Since I have a 1.5mm lead screw on my minilathe I decided I could use a 63 tooth change gear to help make imperial threads a bit more accurate. I had an 80 tooth gear that was damaged so I thought I'd use it  as my first victim. I cut it down to 65mm O.D. after mounting it on an expanding arbor. I turned the arbor down for a press fit in the gear, then tightened the expanding screw and cut 1/2-13 threads on it and secured the gear with a large washer and nut to prevent any movement. The minilathe uses Module 1, 20° P.A. gears.

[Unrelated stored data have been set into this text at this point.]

Lemma solution_expR (t : R) : 0 <= t -> m t = expR (- lam * t) *: m 0.
Proof.
move=> t0; apply/rowP => j; rewrite [RHS]mxE.
pose u r := expR (lam * r) * m r ord0 j.
have cexp : {within `[0, t], continuous (fun r => expR (lam * r))}.
  apply: continuous_subspaceT => r.
  by apply: continuous_comp; [exact: mulrl_continuous | exact: continuous_expR].
have cmj : {within `[0, t], continuous (fun r => m r ord0 j)}.
  have cm : {within `[0, t], continuous m}.
    apply: continuous_subspaceW m_sol.1 => r /=.
    by rewrite !in_itv /= => /andP[-> _].
  move=> r; apply: (continuous_comp (cm r)
    (g := fun M : 'rV[R]_p => M ord0 j)).
  exact: coord_continuous.
have cu : {within `[0, t], continuous u}.
  by move=> r; exact: continuousM (cexp r) (cmj r).
have du r : r \in `]0, t[ -> is_derive r 1 u 0.
  by rewrite in_itv /= => /andP[r0 _]; exact: is_derive_expR_mul_solution.
have [c _] := MVT_segment t0 du cu.
rewrite mul0r => /eqP; rewrite subr_eq0 => /eqP.
rewrite /u mulr0 expR0 mul1r => <-.
by rewrite mulNr expRN mulKf // gt_eqF ?expR_gt0.
Qed.

End linear_flow.

Lemma linear_origin_unique_GAS {R : realType} {p : nat} (lam : R) : 0 < lam ->
  origin_unique_GAS (fun x : 'rV[R]_p => (- lam) *: x).
Proof.
move=> lam0; split.
- by rewrite scaler0.
- by move=> x /eqP; rewrite scaler_eq0 oppr_eq0 gt_eqF //= => /eqP.
- move=> e e0; exists e => // m msol m0 t t0.
  rewrite (solution_expR msol) // enormZ gtr0_norm ?expR_gt0 //.
  apply: le_lt_trans m0; rewrite ler_piMl ?enorm_ge0 // expR_le1.
  by rewrite mulNr oppr_le0 mulr_ge0 // ltW.
- move=> m msol; rewrite -(scale0r (m 0)).
  apply: (cvg_trans (G := (fun t => expR (- lam * t) *: m 0) @ +oo)).
    by apply: near_eq_cvg; near=> t; rewrite (solution_expR msol t).
  apply: cvgZ; last exact: cvg_cst.
  rewrite (_ : (fun t => _) = (fun z => expR (- z)) \o ( *%R lam)); last first.
    by apply/funext => t; rewrite /= mulNr.
  apply: (@cvg_comp _ _ _ _ _ _ (pinfty_nbhs R)); last exact: cvgr_expR.
  by apply: gt0_cvgMry => //; exact: cvg_id.
Unshelve. all: by end_near.
Qed.

Lemma normr_gradf_eps_le {R : realType} {p : nat}
    (mu : {measure set (p.-tuple R) -> \bar R}) (f : 'rV[R]_p -> R)
    (eps : R) (m : 'rV[R]_p) i :
  is_density mu f -> 0 < eps ->
  `|gradf_eps mu f eps m ord0 i| <= Keps_grad_bound p eps.
Proof.
move=> [mf f0 f1] eps0; rewrite mxE.
apply: (normr_Rintegral_le_density mu (f \o tup2rv)) => //.
- exact: Keps_grad_bound_ge0.
- by move=> t; exact: f0.
- move=> t; rewrite normrM (ger0_norm (f0 _)) ler_wpM2r //.
  exact: normr_grad_Keps_le.
Qed.

Theorem proposition3 (R : realType) (p : nat)
  (mu : {measure set (p.-tuple R) -> \bar R}) (f : 'rV[R]_p -> R)
  (eps lam : R) :
  is_lebesgue_measure mu ->
  is_density mu f ->
  (\int[mu]_t (enorm (tup2rv t) * f (tup2rv t))%:E < +oo)%E ->
  0 < eps -> 0 < lam ->
  exists hinf : 'rV[R]_p -> 'rV[R]_p,
    (forall m : 'rV[R]_p,
       (fun c : R => c^-1 *: (gradf_eps mu f eps (c *: m) - (lam * c) *: m))
         @ +oo --> hinf m) /\
    origin_unique_GAS hinf.
Proof.
move=> _ f_dens _ eps0 lam0.
exists (fun x => (- lam) *: x); split; last exact: linear_origin_unique_GAS.
move=> m; pose g c := gradf_eps mu f eps (c *: m).
have g_bounded c : `|g c| <= Keps_grad_bound p eps.
  apply: mx_norm_le_coord => [|i j]; first exact: Keps_grad_bound_ge0.
  by rewrite (ord1 i); exact: normr_gradf_eps_le.
have hE : {near +oo, (fun c => c^-1 *: g c + (- lam) *: m) =1
    (fun c => c^-1 *: (g c - (lam * c) *: m))}.
  near=> c; have c0 : c != 0 by rewrite gt_eqF.
  by rewrite scalerBr scalerA mulrCA mulVf // mulr1 scaleNr.
apply: cvg_trans (near_eq_cvg hE) _.
have : (fun c => c^-1 *: g c + (- lam) *: m) @ +oo --> 0 + (- lam) *: m.
  exact: cvgD (scaleV_bounded_cvg0 _ _ g_bounded) (cvg_cst _).
by rewrite add0r.
Unshelve. all: by end_near.
Qed.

I used an LMS 4" 72 to 1 ratio rotary table with a 28 hole index plate, 1 turn plus 4 holes for indexing. Tooth total depth was 2.4mm according to the math and checked out against the original change gears. I had to kind of mickey mouse mounting the rotary table since the minimill doesn't have enough Y axis travel to mount the table on center. I used a #7 gear cutter (55-134 teeth) and matching arbor. The shavings are powder like cast iron. It went smooth with no hiccups. The new gear matches up and runs true.  It only took me 70 years on this earth to make my first gear. I guess you could say I'm a slow learner. It took about 4 hours to do everything including math and installing the index plate setup.
	

		
			
		

		
	










Roy


----------



## benmychree (May 28, 2020)

Congratulations!  Now that the ice is broken, figure more things that need gears made; over the years, I have cut literally at leas near 100 or so, both spur gears and spiral and a few bevel gears as well, its always fun to do.


----------



## royesses (May 28, 2020)

benmychree said:


> Congratulations!  Now that the ice is broken, figure more things that need gears made; over the years, I have cut literally at leas near 100 or so, both spur gears and spiral and a few bevel gears as well, its always fun to do.

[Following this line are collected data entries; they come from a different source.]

Section ChordsOfDisk.
Variables (F : R -> R -> R) (r : R).
Hypothesis Hr : 0 <= r.
Hypothesis HF : forall x y, x ^ 2 + y ^ 2 <= r ^ 2 -> continuity_2d_pt F x y.

Lemma continuous_circle_integrand t : continuous (fun t => r * sin t * F (r * cos t) (r * sin t)) t.
Proof.
  apply continuous_multR; [apply continuous_mult_sin|].
  apply continuous_along_circle, HF. rewrite circle_sq. lra.
Qed.

Lemma continuous_chord_upper x : - r <= x <= r -> continuous (fun x => F x (sqrt (r ^ 2 - x ^ 2))) x.
Proof.
  intros Hx. apply (continuous_comp_2d F (fun t => t) (fun x => sqrt (r ^ 2 - x ^ 2)) x);
    [| apply continuous_idR | apply continuous_half_chord].
  apply HF. rewrite chord_sq by lra. lra.
Qed.

Lemma continuous_chord_lower x : - r <= x <= r -> continuous (fun x => F x (- sqrt (r ^ 2 - x ^ 2))) x.
Proof.
  intros Hx. apply (continuous_comp_2d F (fun t => t) (fun x => - sqrt (r ^ 2 - x ^ 2)) x);
    [| apply continuous_idR | apply continuous_oppR, continuous_half_chord].
  apply HF. replace ((- sqrt (r ^ 2 - x ^ 2)) ^ 2) with ((sqrt (r ^ 2 - x ^ 2)) ^ 2) by ring.
  rewrite chord_sq by lra. lra.
Qed.

Lemma RInt_chord_upper :
  RInt (fun x => F x (sqrt (r ^ 2 - x ^ 2))) (- r) r
  = RInt (fun t => r * sin t * F (r * cos t) (r * sin t)) 0 PI.
Proof.
  pose proof PI_RGT_0.
  assert (EG : ex_RInt (fun t => r * sin t * F (r * cos t) (r * sin t)) 0 PI)
    by (apply ex_RInt_continuousR; intros; apply continuous_circle_integrand).
  pose proof (RInt_comp (V := R_CompleteNormedModule) (fun x => F x (sqrt (r ^ 2 - x ^ 2)))
    (fun t => r * cos t) (fun t => - (r * sin t)) PI 0) as EQ.
  cbv beta in EQ. rewrite cos_PI, cos_0, Rmult_1_r in EQ. replace (r * -1) with (- r) in EQ by ring.
  rewrite <- EQ.
  - apply ex_RInt_swap in EG.
    rewrite (RInt_swapR _ PI 0 EG), <- RInt_oppR by exact EG.
    apply RInt_ext. intros t Ht. rewrite Rmin_right, Rmax_left in Ht by lra.
    rewrite sqrt_chord_circle by (apply Rmult_le_pos; [lra | apply sin_ge_0; lra]).
    unfold scal; simpl; unfold mult; simpl. ring.
  - intros t _. apply continuous_chord_upper. pose proof (COS_bound t). split; nra.
  - intros t _. split; [auto_derive; auto; ring | apply continuous_oppR, continuous_mult_sin].
Qed.

Lemma RInt_chord_lower :
  RInt (fun x => F x (- sqrt (r ^ 2 - x ^ 2))) (- r) r
  = - RInt (fun t => r * sin t * F (r * cos t) (r * sin t)) PI (2 * PI).
Proof.
  pose proof PI_RGT_0.
  assert (EG : ex_RInt (fun t => r * sin t * F (r * cos t) (r * sin t)) PI (2 * PI))
    by (apply ex_RInt_continuousR; intros; apply continuous_circle_integrand).
  pose proof (RInt_comp (V := R_CompleteNormedModule) (fun x => F x (- sqrt (r ^ 2 - x ^ 2)))
    (fun t => r * cos t) (fun t => - (r * sin t)) PI (2 * PI)) as EQ.
  cbv beta in EQ. rewrite cos_PI, cos_2PI, Rmult_1_r in EQ. replace (r * -1) with (- r) in EQ by ring.
  rewrite <- EQ.
  - rewrite <- RInt_oppR by exact EG.
    apply RInt_ext. intros t Ht. rewrite Rmin_left, Rmax_right in Ht by lra.
    assert (sin t <= 0) by (apply sin_le_0; lra).
    rewrite sqrt_chord_circle_neg by nra.
    unfold scal; simpl; unfold mult; simpl. ring.
  - intros t _. apply continuous_chord_lower. pose proof (COS_bound t). split; nra.
  - intros t _. split; [auto_derive; auto; ring | apply continuous_oppR, continuous_mult_sin].
Qed.

End ChordsOfDisk.

Definition green_hyp (V1 V2 D1V2 D2V1 : R -> R -> R) Rad : Prop :=
  forall x y, x ^ 2 + y ^ 2 < Rad ^ 2 ->
    continuity_2d_pt V1 x y /\ continuity_2d_pt V2 x y /\ continuity_2d_pt D1V2 x y /\
    continuity_2d_pt D2V1 x y /\ derivable_pt_lim (fun u => V2 u y) x (D1V2 x y) /\
    derivable_pt_lim (fun u => V1 x u) y (D2V1 x y).

(* Its [y]-derivative is the curl [D1V2 - D2V1], so the inner integrals of the disk integral of
   the curl are its increments along vertical chords. *)
Definition curl_potential (V1 D1V2 : R -> R -> R) x y := prim_snd D1V2 x y - V1 x y.

Section Green.
Variables (V1 V2 D1V2 D2V1 : R -> R -> R) (Rad r : R).
Hypothesis HG : green_hyp V1 V2 D1V2 D2V1 Rad.
Hypothesis Hr : 0 < r < Rad.

Lemma closed_disk_sub x y : x ^ 2 + y ^ 2 <= r ^ 2 -> x ^ 2 + y ^ 2 < Rad ^ 2.
Proof. pose proof (pow2_lt_of_lt r Rad ltac:(lra)). lra. Qed.

Lemma continuity_2d_pt_prim_snd_disk x y : x ^ 2 + y ^ 2 < Rad ^ 2 ->
  continuity_2d_pt (prim_snd D1V2) x y.
Proof.
  intros H. destruct (disk_box_nbhd x y Rad H) as [d0 [Hd0 Hbox]].
  apply (continuity_2d_pt_prim_snd D1V2 x y d0 (Rabs y + d0)); [lra | lra |].
  intros a u Ha Hu. apply HG, Hbox; [now apply Rabs_le_shift | exact Hu].
Qed.

Lemma continuity_2d_pt_curl_potential x y : x ^ 2 + y ^ 2 < Rad ^ 2 ->
  continuity_2d_pt (curl_potential V1 D1V2) x y.
Proof.
  intros H. apply continuity_2d_pt_minus; [now apply continuity_2d_pt_prim_snd_disk | apply (HG x y H)].
Qed.

Lemma continuity_2d_pt_curl_potential_closed x y : x ^ 2 + y ^ 2 <= r ^ 2 ->
  continuity_2d_pt (curl_potential V1 D1V2) x y.
Proof. intros; now apply continuity_2d_pt_curl_potential, closed_disk_sub. Qed.

Lemma RInt_vertical_chord x : - r <= x <= r ->
  RInt (fun y => D1V2 x y - D2V1 x y) (- sqrt (r ^ 2 - x ^ 2)) (sqrt (r ^ 2 - x ^ 2))
  = curl_potential V1 D1V2 x (sqrt (r ^ 2 - x ^ 2))
    - curl_potential V1 D1V2 x (- sqrt (r ^ 2 - x ^ 2)).
Proof.
  intros Hx. set (h := sqrt (r ^ 2 - x ^ 2)).
  assert (Hh : 0 <= h) by apply sqrt_pos.
  assert (Hin : forall a b u, Rabs a <= h -> Rabs b <= h -> Rmin a b <= u <= Rmax a b ->
    x ^ 2 + u ^ 2 < Rad ^ 2).
  { intros a b u Ha Hb Hu. apply closed_disk_sub.
    pose proof (pow2_le_of_Rabs_le u h (Rabs_le_of_between a b h u Ha Hb Hu)).
    pose proof (chord_sq r x ltac:(lra) Hx). fold h in H0. lra. }
  assert (Hh' : Rabs h <= h /\ Rabs (- h) <= h /\ Rabs 0 <= h)
    by (rewrite Rabs_Ropp, Rabs_R0, Rabs_pos_eq; lra).
  assert (EX : forall a b, Rabs a <= h -> Rabs b <= h -> ex_RInt (D1V2 x) a b /\ ex_RInt (D2V1 x) a b).
  { intros a b Ha Hb. split; apply ex_RInt_slice; intros u Hu; apply (HG x u (Hin a b u Ha Hb Hu)). }
  destruct (EX (- h) h) as [E1 E2]; try tauto.
  destruct (EX 0 (- h)) as [E3 _]; try tauto.
  rewrite (RInt_minusR (D1V2 x) (D2V1 x)) by assumption.
  assert (I1 : RInt (D1V2 x) (- h) h = prim_snd D1V2 x h - prim_snd D1V2 x (- h)).
  { unfold prim_snd. rewrite <- (RInt_ChaslesR (D1V2 x) 0 (- h) h E3 E1). lra. }
  assert (I2 : RInt (D2V1 x) (- h) h = V1 x h - V1 x (- h)).
  { apply is_RInt_unique, (is_RInt_derive (V := R_CompleteNormedModule) (V1 x) (D2V1 x));
      intros u Hu; pose proof (Hin (- h) h u ltac:(tauto) ltac:(tauto) Hu) as Hxu.
    - apply is_derive_Reals, (HG x u Hxu).
    - apply (continuous_comp_2d D2V1 (fun _ => x) (fun t => t) u);
        [apply (HG x u Hxu) | apply continuous_constR | apply continuous_idR]. }
  rewrite I1, I2. unfold curl_potential. lra.
Qed.

Lemma is_RInt_disk_curl_potential :
  is_RInt (fun x => RInt (fun y => D1V2 x y - D2V1 x y) (- sqrt (r ^ 2 - x ^ 2)) (sqrt (r ^ 2 - x ^ 2)))
    (- r) r (RInt (fun t => r * sin t * curl_potential V1 D1V2 (r * cos t) (r * sin t)) 0 (2 * PI)).
Proof.
  set (Phi := curl_potential V1 D1V2).
  pose proof continuity_2d_pt_curl_potential_closed as HPhi.
  assert (Hr0 : 0 <= r) by lra.
  assert (EU : ex_RInt (fun x => Phi x (sqrt (r ^ 2 - x ^ 2))) (- r) r).
  { apply ex_RInt_continuousR. intros z Hz. rewrite Rmin_left, Rmax_right in Hz by lra.
    now apply continuous_chord_upper. }
  assert (EL : ex_RInt (fun x => Phi x (- sqrt (r ^ 2 - x ^ 2))) (- r) r).
  { apply ex_RInt_continuousR. intros z Hz. rewrite Rmin_left, Rmax_right in Hz by lra.
    now apply continuous_chord_lower. }
  set (G := fun t => r * sin t * Phi (r * cos t) (r * sin t)).
  assert (EG : forall a b, ex_RInt G a b)
    by (intros; apply ex_RInt_continuousR; intros; now apply continuous_circle_integrand).
  apply (is_RInt_ext (V := R_CompleteNormedModule)
    (fun x => Phi x (sqrt (r ^ 2 - x ^ 2)) - Phi x (- sqrt (r ^ 2 - x ^ 2)))).
  { intros x Hx. rewrite Rmin_left, Rmax_right in Hx by lra.
    symmetry. apply RInt_vertical_chord. lra. }
  replace (RInt G 0 (2 * PI)) with (RInt (fun x => Phi x (sqrt (r ^ 2 - x ^ 2))) (- r) r
                                   - RInt (fun x => Phi x (- sqrt (r ^ 2 - x ^ 2))) (- r) r).
  - rewrite <- RInt_minusR by assumption.
    apply (RInt_correct (V := R_CompleteNormedModule)). now apply ex_RInt_minusR.
  - rewrite RInt_chord_upper, RInt_chord_lower by assumption. fold G.
    rewrite <- (RInt_ChaslesR G 0 PI (2 * PI)) by apply EG. lra.
Qed.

Thanx, John. It is a lot of fun, this opens up some possibilities for new gadgets. With the help of machinists like you and the many other machinists here it is much easier for hobbyists to accomplish new tasks. 

Roy


----------



## Lo-Fi (May 28, 2020)

Good job, that's a fantastic result!


----------



## benmychree (May 28, 2020)

Especially without the fear of getting beat up on suchlike as PM!


----------



## Ken from ontario (May 28, 2020)

That is an impressive achievement especially on a mini mill. well done Roy.


----------



## royesses (May 28, 2020)

Thanx guys. All the knowledge available on this forum just makes things easier to accomplish.

Roy





benmychree said:


> Especially without the fear of getting beat up on suchlike as PM!

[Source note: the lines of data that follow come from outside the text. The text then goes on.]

(* If $n \ge m \ge 2$, then $\mathrm{sg_e}(K_{n,m}) \ge n$. Moreover, $\mathrm{sg_e}(K_{n,n}) \ge n+1$ for every $n\ge 2$.
   Context: All graphs are finite, simple and connected. A set $S \subseteq V(G)$ is a strong edge geodetic set of $G$ if one can assign to every unordered pair $\{u,v\}$ of distinct vertices of $S$ either one shortest $u,v$-path $P_{uv}$ in $G$ or no path, in such a way that every edge of $G$ lies on at least one of the assigned paths. The strong edge geodetic number $\mathrm{sg_e}(G)$ is the minimum cardinality of a strong edge geodetic set of $G$. $K_{n,m}$ denotes the complete bipartite graph with parts of sizes $n$ and $m$. *)

From mathcomp Require Import all_boot all_order.
From Stdlib Require Import ClassicalEpsilon.
Set Implicit Arguments. Unset Strict Implicit. Unset Printing Implicit Defensive.

Section Graph.
Variables (T : finType) (e : rel T).

Definition walk (u v : T) (p : seq T) : bool := path e u p && (last u p == v).

Definition shortest_path (u v : T) (p : seq T) : Prop :=
  walk u v p /\ forall q, walk u v q -> size p <= size q.

Definition edge_on (x y u : T) (p : seq T) : bool :=
  has (fun ab => (ab == (x, y)) || (ab == (y, x))) (zip (u :: p) p).

(* Unordered pairs {u,v} of distinct vertices are represented by the ordered
   pair (u,v) with enum_rank u < enum_rank v.  An assignment gives to each such
   pair either one shortest u,v-path (Some p) or no path (None). *)
Definition strong_edge_geodetic (S : {set T}) : Prop :=
  exists f : T -> T -> option (seq T),
    (forall u v p, u \in S -> v \in S -> enum_rank u < enum_rank v ->
       f u v = Some p -> shortest_path u v p) /\
    (forall x y, e x y -> exists u v p,
       [/\ u \in S, v \in S, enum_rank u < enum_rank v,
           f u v = Some p & edge_on x y u p]).

Definition strong_edge_geodeticb (S : {set T}) : bool :=
  if excluded_middle_informative (strong_edge_geodetic S) then true else false.

Definition sg_e : nat :=
  #|[arg min_(S < [set: T] | strong_edge_geodeticb S) #|S|]|.
End Graph.

Definition Kbip (n m : nat) : rel ('I_n + 'I_m)%type :=
  fun x y => match x, y with
             | inl _, inr _ | inr _, inl _ => true
             | _, _ => false
             end.
Arguments Kbip : clear implicits.

(** Let [S] be a strong edge geodetic set of a complete bipartite graph with
    sides [P] and [B], and suppose some [x] in [P] lies outside [S].  Geodesics
    have length at most 2, so an edge [xy] with [y] in [B] can only be covered
    by the geodesic [y x z] between two distinct vertices [y, z] of [B] that
    both lie in [S]; in particular [B] is contained in [S].  Since the midpoint
    of each assigned geodesic is unique, [(x, y) |-> (y, z)] is an injection
    from [(P \ S) x B] into the off-diagonal pairs of [B x B], whence
    [|P \ S| < |B|] and [|P| < |S|].  So either [P] is contained in [S] or
    [|S| > |P|]; applied to both sides of [K_{n,m}] this gives the bounds. *)
From mathcomp Require Import all_boot zify.
From Stdlib Require Import ClassicalEpsilon.

Set Implicit Arguments.
Unset Strict Implicit.
Unset Printing Implicit Defensive.

(** The bound [k <= #|T|] covers the default value of [arg min], taken when no
    strong edge geodetic set exists. *)
Lemma sg_e_ge (T : finType) (e : rel T) (k : nat) :
  (forall S, strong_edge_geodetic e S -> k <= #|S|) -> k <= #|T| ->
  k <= sg_e e.
Proof.
move=> geoS_ge kT; rewrite /sg_e /arg_min /extremum.
case: pickP => [S /andP[+ _] | _] /=; last by rewrite cardsT.
rewrite /strong_edge_geodeticb.
by case: excluded_middle_informative => // geoS _; apply: geoS_ge.
Qed.

Lemma complete_bipartite_setC (T : finType) (P : {set T}) (e : rel T) :
  (forall x y, e x y = ((x \in P) != (y \in P))) ->
  forall x y, e x y = ((x \in ~: P) != (y \in ~: P)).
Proof. by move=> eE x y; rewrite eE !inE; case: (x \in P); case: (y \in P). Qed.

Section CompleteBipartite.
Variables (T : finType) (P : {set T}) (e : rel T).
Hypothesis eE : forall x y, e x y = ((x \in P) != (y \in P)).
Variables (a b : T).
Hypotheses (aP : a \in P) (bNP : b \notin P).

Lemma shortest_path_size_le2 u v p : shortest_path e u v p -> size p <= 2.
Proof.
case=> _ /(_ (if e u v then [:: v] else [:: if u \in P then b else a; v])).
case euv: (e u v) => /(_ _)/leq_trans-> //; rewrite /walk /= ?euv eqxx ?andbT //.
by move: euv; rewrite !eE; case: (u \in P); case: (v \in P); rewrite ?aP ?(negbTE bNP).
Qed.

Variable f : T -> T -> option (seq T).

Definition midpoint (y z : T) : option T :=
  let: (u, v) := if enum_rank y < enum_rank z then (y, z) else (z, y) in
  if f u v is Some [:: c; _] then Some c else None.

Variable S : {set T}.
Hypothesis f_geodesic : forall u v p, u \in S -> v \in S ->
  enum_rank u < enum_rank v -> f u v = Some p -> shortest_path e u v p.
Hypothesis f_cover : forall x y, e x y -> exists u v p,
  [/\ u \in S, v \in S, enum_rank u < enum_rank v, f u v = Some p
    & edge_on x y u p].

Lemma outside_edge_midpoint x y : x \in P :\: S -> y \notin P ->
  y \in S /\ exists z, [&& midpoint y z == Some x, z \notin P & z != y].
Proof.
rewrite inE => /andP[xNS xP] yNP.
have /f_cover[u [v [p [uS vS uv fuv]]]] : e x y by rewrite eE xP yNP.
have geo := f_geodesic uS vS uv fuv.
have [/andP[pth /eqP pv] _] := geo; have := shortest_path_size_le2 geo.
have uNx : u != x by apply: contraNneq xNS => <-.
have vNx : v != x by apply: contraNneq xNS => <-.
have uNv : u != v by apply: contraTneq uv => ->; rewrite ltnn.
case: p {geo} pv pth fuv => [|c [|w [|? ?]]] //= -> pth fuv _.
  by rewrite /edge_on /= !xpair_eqE (negbTE uNx) (negbTE vNx) !andbF.
move: pth => /and3P[euc ecv _].
rewrite /edge_on /= !xpair_eqE (negbTE uNx) (negbTE vNx) /= !andbF !orbF.
case/orP=> /andP[/eqP yE /eqP cE]; subst.
- split=> //; exists v.
  rewrite /midpoint uv fuv eqxx eq_sym uNv andbT /=.
  by move: ecv; rewrite eE xP.
- split=> //; exists u.
  rewrite /midpoint ltnNge (ltnW uv) /= fuv eqxx uNv andbT.
  by move: euc; rewrite eE xP; case: (u \in P).
Qed.

Lemma card_outside_lt x0 : x0 \in P :\: S -> #|P :\: S| < #|~: P|.
Proof.
move=> x0out.
pose through x y z := [&& midpoint y z == Some x, z \notin P & z != y].
pose g xy := (xy.2, odflt xy.2 [pick z | through xy.1 xy.2 z]).
have gP x y : x \in P :\: S -> y \in ~: P -> through x y (g (x, y)).2.
  move=> xout; rewrite inE => yNP; rewrite /g /=; case: pickP => [z //|none].
  have [_ [z zP]] := outside_edge_midpoint xout yNP.
  by have := none z; rewrite /= /through zP.
have g_inj : {in setX (P :\: S) (~: P) &, injective g}.
  move=> [x y] [x' y'] /[!in_setX] /andP[xout yB] /andP[x'out _] gE.
  have yy' : y = y' := f_equal fst gE; subst y'.
  have /and3P[/eqP mx _ _] := gP _ _ xout yB.
  have /and3P[/eqP mx' _ _] := gP _ _ x'out yB.
  by move: mx'; rewrite -gE mx => -[->].
have g_proper : g @: setX (P :\: S) (~: P) \proper setX (~: P) (~: P).
  apply/properP; split.
    apply/subsetP => _ /imsetP[[x y] /[!in_setX] /andP[xout yB] ->].
    have /and3P[_ zNP _] := gP _ _ xout yB.
    by rewrite in_setX yB inE.
  exists (b, b); first by rewrite in_setX inE bNP.
  apply/imsetP => -[[x y] /[!in_setX] /andP[xout yB] gE].
  have /and3P[_ _] := gP _ _ xout yB.
  have yb : b = y := f_equal fst gE.
  by rewrite -gE /= -yb eqxx.
have := proper_card g_proper; rewrite card_in_imset // !cardsX ltn_mul2r.
by case/andP.
Qed.

End CompleteBipartite.

Lemma complete_bipartite_geodetic_side (T : finType) (P : {set T}) (e : rel T)
    (a b : T) (S : {set T}) :
  (forall x y, e x y = ((x \in P) != (y \in P))) -> a \in P -> b \notin P ->
  strong_edge_geodetic e S -> P \subset S \/ #|P| < #|S|.
Proof.
move=> eE aP bNP [f [f_geodesic f_cover]].
have [PS | /subsetPn[x0 x0P x0NS]] := boolP (P \subset S); [by left | right].
have x0out : x0 \in P :\: S by rewrite inE x0NS.
have PC_S : ~: P \subset S.
  apply/subsetP => y; rewrite inE => yNP.
  by have [] := outside_edge_midpoint eE aP bNP f_geodesic f_cover x0out yNP.
have := card_outside_lt eE aP bNP f_geodesic f_cover x0out.
have SdP : S :\: P = ~: P by rewrite setDE; apply/setIidPr.
by rewrite -(cardsID P S) SdP -(cardsID S P) setIC; lia.
Qed.

Section CompleteBipartiteGraph.
Variables n m : nat.

Definition Kbip_left : {set 'I_n + 'I_m} := inl @: [set: 'I_n].

Lemma Kbip_sides x y : Kbip n m x y = ((x \in Kbip_left) != (y \in Kbip_left)).
Proof.
have inl_left i : inl i \in Kbip_left by apply: imset_f.
have inr_left j : inr j \notin Kbip_left by apply/imsetP => -[].
by case: x y => [i|j] [i'|j']; rewrite /= ?inl_left ?(negbTE (inr_left _)).
Qed.

Lemma card_Kbip_left : #|Kbip_left| = n.
Proof. by rewrite card_imset ?cardsT ?card_ord //; apply: inl_inj. Qed.

Lemma card_Kbip_right : #|~: Kbip_left| = m.
Proof. by apply/eqP; rewrite cardsCs setCK card_sum !card_ord card_Kbip_left addKn. Qed.

Lemma Kbip_geodetic_card (S : {set 'I_n + 'I_m}) : 0 < n -> 0 < m ->
  strong_edge_geodetic (Kbip n m) S ->
  n <= #|S| /\ [|| n < #|S|, m < #|S| | #|S| == n + m].
Proof.
move=> n_gt0 m_gt0 geoS.
have aL : inl (Ordinal n_gt0) \in Kbip_left by apply: imset_f.
have bNL : inr (Ordinal m_gt0) \notin Kbip_left by apply/imsetP => -[].
have [leftS | ltn_S] := complete_bipartite_geodetic_side Kbip_sides aL bNL geoS.
- have := subset_leq_card leftS; rewrite card_Kbip_left => le_nS.
  have bR : inr (Ordinal m_gt0) \in ~: Kbip_left by rewrite inE.
  have aNR : inl (Ordinal n_gt0) \notin ~: Kbip_left by rewrite inE aL.
  have [rightS | ltm_S] :=
    complete_bipartite_geodetic_side (complete_bipartite_setC Kbip_sides) bR aNR geoS.
  + have -> : S = setT.
      by apply/eqP; rewrite eqEsubset subsetT -(setUCr Kbip_left) subUset leftS.
    by rewrite cardsT card_sum !card_ord leq_addr eqxx !orbT.
  + by rewrite card_Kbip_right in ltm_S; rewrite le_nS ltm_S orbT.
- by rewrite card_Kbip_left in ltn_S; rewrite ltn_S ltnW.
Qed.

End CompleteBipartiteGraph.

Theorem mainTheorem4 :
  (forall n m : nat, 2 <= m -> m <= n -> n <= sg_e (Kbip n m)) /\
  (forall n : nat, 2 <= n -> n.+1 <= sg_e (Kbip n n)).
Proof.
split=> [n m m2 mn | n n2].
- apply: sg_e_ge => [S geoS|]; last by rewrite card_sum !card_ord; lia.
  have n_gt0 : 0 < n by lia.
  have m_gt0 : 0 < m by lia.
  by have [] := Kbip_geodetic_card n_gt0 m_gt0 geoS.
- apply: sg_e_ge => [S geoS|]; last by rewrite card_sum !card_ord; lia.
  have n_gt0 : 0 < n by lia.
  by have [_ /or3P[// | // | /eqP->]] := Kbip_geodetic_card n_gt0 n_gt0 geoS; lia.
Qed.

I read PM every day. I didn't register and don't post since I respect the fact that that is a forum for professional machinists. But, there is a lot of great information there and those guys are brutal with each other. I get a lot of laughs when they flame each other.

Roy


----------



## ErichKeane (May 28, 2020)

Nice Job!

I did my first gears a few weeks ago for another project!  Fortunately yours are the common size that you can get whole sets for what I paid for 2 cutters  

I'd love to have more gear based projects, but so far I've had only 1 need to cut gears.


----------



## royesses (May 28, 2020)

ErichKeane said:


> Nice Job!
> 
> I did my first gears a few weeks ago for another project!  Fortunately yours are the common size that you can get whole sets for what I paid for 2 cutters
> 
> I'd love to have more gear based projects, but so far I've had only 1 need to cut gears.



Thanx! Yes I purchased a full set of module cutters. They are china made along with the cutter arbor so rather inexpensive. I've looked at some of the U.S. made cutters for imperial gears and found that they are very expensive but high quality. 

Roy


----------



## rock_breaker (May 31, 2020)

Well done!!


----------